Luisito escondió su faz entre las almohadas, sintiendo un frío terrible, malestar grande y todos los síntomas precursores de aquel estado en que se le presentaba su misterioso amigo.
XI
Á las doce; cuando los tertulios desfilaron, Cadalso se acomodó en el sofá del comedor, cubriéndose con la manta que Abelarda le diera. Ignoraba él que su cuñada se acostaría vestida aquella noche por carecer de abrigo. Retiráronse todos, menos Villaamil, que no quiso recogerse sin tener una explicación con su yerno. La lámpara del comedor había quedado encendida, y el abuelo, al entrar, vió á Víctor incorporado en su duro lecho, con la manta liada de medio cuerpo abajo. Comprendió al punto el yerno que su padre político quería palique, y se preparó, cosa fácil para él, pues era hombre de imaginación pronta, de afluente palabra, de salidas ágiles y oportunas, á fuer de meridional de pura sangre, nacido en aquella costa granadina que tiene detrás la Alpujarra y enfrente á Marruecos. «Este tío—pensó—me quiere embestir. Á buena parte viene... Empiece la brega. Le trastearemos con gracia».
—Ahora que estamos solos—dijo Villaamil con aquella gravedad que imponía miedo,—decídete á ser franco conmigo. Tú has hecho algún disparate, Víctor. Te lo conozco en la cara, aunque tu cara pocas veces dice lo que piensas. Confiésame la verdad, y no trates de marearme con tus pases de palabras ni con esas ideas raras de que sacas tanto partido.
—Yo no tengo ideas raras, querido D. Ramón; las ideas raras son las de mi señor suegro. Debemos juzgar las ideas de las personas por el pelo que éstas echan. ¿Le han colocado á usted ya? Se me figura que no. Y usted sigue tan fresco, esperando su remedio de la justicia, que es lo mismo que esperarlo de la luna. Mil veces le he dicho á usted que el mismo Estado es quien nos enseña el derecho a la vida. Si el Estado no muere nunca, el funcionario no debe perecer tampoco administrativamente. Y ahora le voy á decir otra cosa: mientras no cambie usted de papeles, no le colocarán; se pasará los meses y los años viviendo de ilusiones, fiándose de palabras zalameras y de la sonrisa traidora de los que se dan importancia con los tontos, haciendo que les protegen.
—Pero tú, necio—dijo Villaamil enojadísimo,—¿has llegado á figurarte que yo tengo esperanzas? ¿De dónde sacas, majadero, que yo me forje ni la milésima parte de una condenada ilusión? ¡Colocarme á mí! No se me pasa por la imaginación semejante cosa, no espero nada, nada, y digo más: hasta me ofende el que me supone pendiente de formulillas y de palabras cucas.
—Como siempre le he conocido á usted así, tan confiado, tan optimista...
—¡Optimista yo! (muy contrariado). Vamos, Víctor, no te burles de estas canas. Y sobre todo, no desvíes la cuestión. Ahora no se trata de mí, sino de ti. Vuelvo á mi pregunta: ¿Qué has hecho? ¿Por qué estas aquí, y por qué te escondes de la gente?

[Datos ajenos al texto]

Definition roy_S2 (n : nat) (Q0 : R) (P : nat -> R -> R) : Prop :=
  forall a b, Q0 <= a -> a < b ->
    (forall q, a < q < b -> P_diff n P q) ->
    exists rlo rhi : nat, (1 <= rlo)%nat /\ (rlo <= rhi)%nat /\ (rhi <= S n)%nat /\
      (forall j, (rlo <= j <= rhi)%nat -> forall q, a < q < b ->
          P j q = P rlo q /\
          derivable_pt_lim (P j) q (1 / INR (rhi - rlo + 1))) /\
      (forall j, (1 <= j <= S n)%nat -> ~ (rlo <= j <= rhi)%nat ->
          forall q q', a < q < b -> a < q' < b -> P j q = P j q').

Definition roy_S3 (n : nat) (Q0 : R) (P : nat -> R -> R) : Prop :=
  forall q, Q0 < q -> ~ P_diff n P q ->
    forall rlo rhi slo shi : nat,
      (1 <= rlo)%nat -> (rlo <= rhi)%nat -> (rhi <= S n)%nat ->
      (1 <= slo)%nat -> (slo <= shi)%nat -> (shi <= S n)%nat ->
      (forall j, (1 <= j <= S n)%nat ->
         left_deriv (P j) q
           (if ((rlo <=? j) && (j <=? rhi))%bool then 1 / INR (rhi - rlo + 1) else 0)) ->
      (forall j, (1 <= j <= S n)%nat ->
         right_deriv (P j) q
           (if ((slo <=? j) && (j <=? shi))%bool then 1 / INR (shi - slo + 1) else 0)) ->
      (rlo < shi)%nat ->
      forall j, (rlo <= j <= shi)%nat -> P j q = P rlo q.

Definition Roy_system (n : nat) (Q0 : R) (P : nat -> R -> R) : Prop :=
  0 <= Q0 /\ piecewise_linear n Q0 P /\
  roy_S1 n Q0 P /\ roy_S2 n Q0 P /\ roy_S3 n Q0 P.

(* the derivative P_j'(q) (meaningful where it exists) *)
Definition deriv_at (f : R -> R) (q : R) : R :=
  epsilon (inhabits 0) (fun l => derivable_pt_lim f q l).

Fixpoint first_pos (f : nat -> R) (start fuel : nat) : nat :=
  match fuel with
  | O => start
  | S m => if Rlt_dec 0 (f start) then start else first_pos f (S start) m
  end.

Definition kappa (n : nat) (P : nat -> R -> R) (q : R) : nat :=
  first_pos (fun k => deriv_at (P k) q) 1 (S n).

(* local contraction rate delta(P,q) = n+1-kappa where P is differentiable
   (value 0 at the non-differentiability points, which are isolated and do
   not affect the integral) *)
Definition local_rate (n : nat) (P : nat -> R -> R) (q : R) : R :=
  match excluded_middle_informative (P_diff n P q) with
  | left _ => INR (S n) - INR (kappa n P q)
  | right _ => 0
  end.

—Es que las tertulias de esta casa me cargan. Ya sabe usted que soy muy extremado en mis antipatías. Yo no me escondo; es que no quiero ver la cara de Ponce con sus ojos pitañosos, ni que me hable Pantoja, el cual tiene un aliento que da el quién vive.
—No se trata del aliento de Pantoja, sino de que tú no has dejado tu destino con la frente alta.
—Tan alta que si mi jefe dice algo contra mí, tengo medios de mandarle á presidio (acalorándose). Sepa usted que he prestado servicios tales, que si el Estado fuera agradecido, ya sería yo jefe de Administración. Pero el Estado es esencialmente ingrato, bien lo sabe usted, y no sabe premiar. Si el funcionario inteligente no se recompensa á sí propio, está perdido. Para que usted se entere: cuando fuí á Valencia á encargarme de Propiedades é Impuestos, el Negociado estaba por los suelos. Mi antecesor era un cómico sin voz, que recibió el empleo como jubilación de la escena. El infeliz no sabía por dónde andaba. Llegué yo, y ¡arsa! á trabajar. ¡Qué lío! Las cédulas personales no se cobraban ni á tiros. En Consumos había descubiertos horribles. Llamé á los alcaldes, les apremié, les metí el resuello en el cuerpo. Total, que saqué una millonada para el Tesoro, millonada que se habría perdido sin mí... Entonces reflexioné, y dije: «¿Cuál es la consecuencia natural del inmenso servicio que he prestado á la Nación? Pues la consecuencia natural, lógica, ineludible de defender al Estado contra el contribuyente es la ingratitud del Estado. Abramos, pues, el paraguas para resguardarnos de la ingratitud, que nos ha de traer la miseria».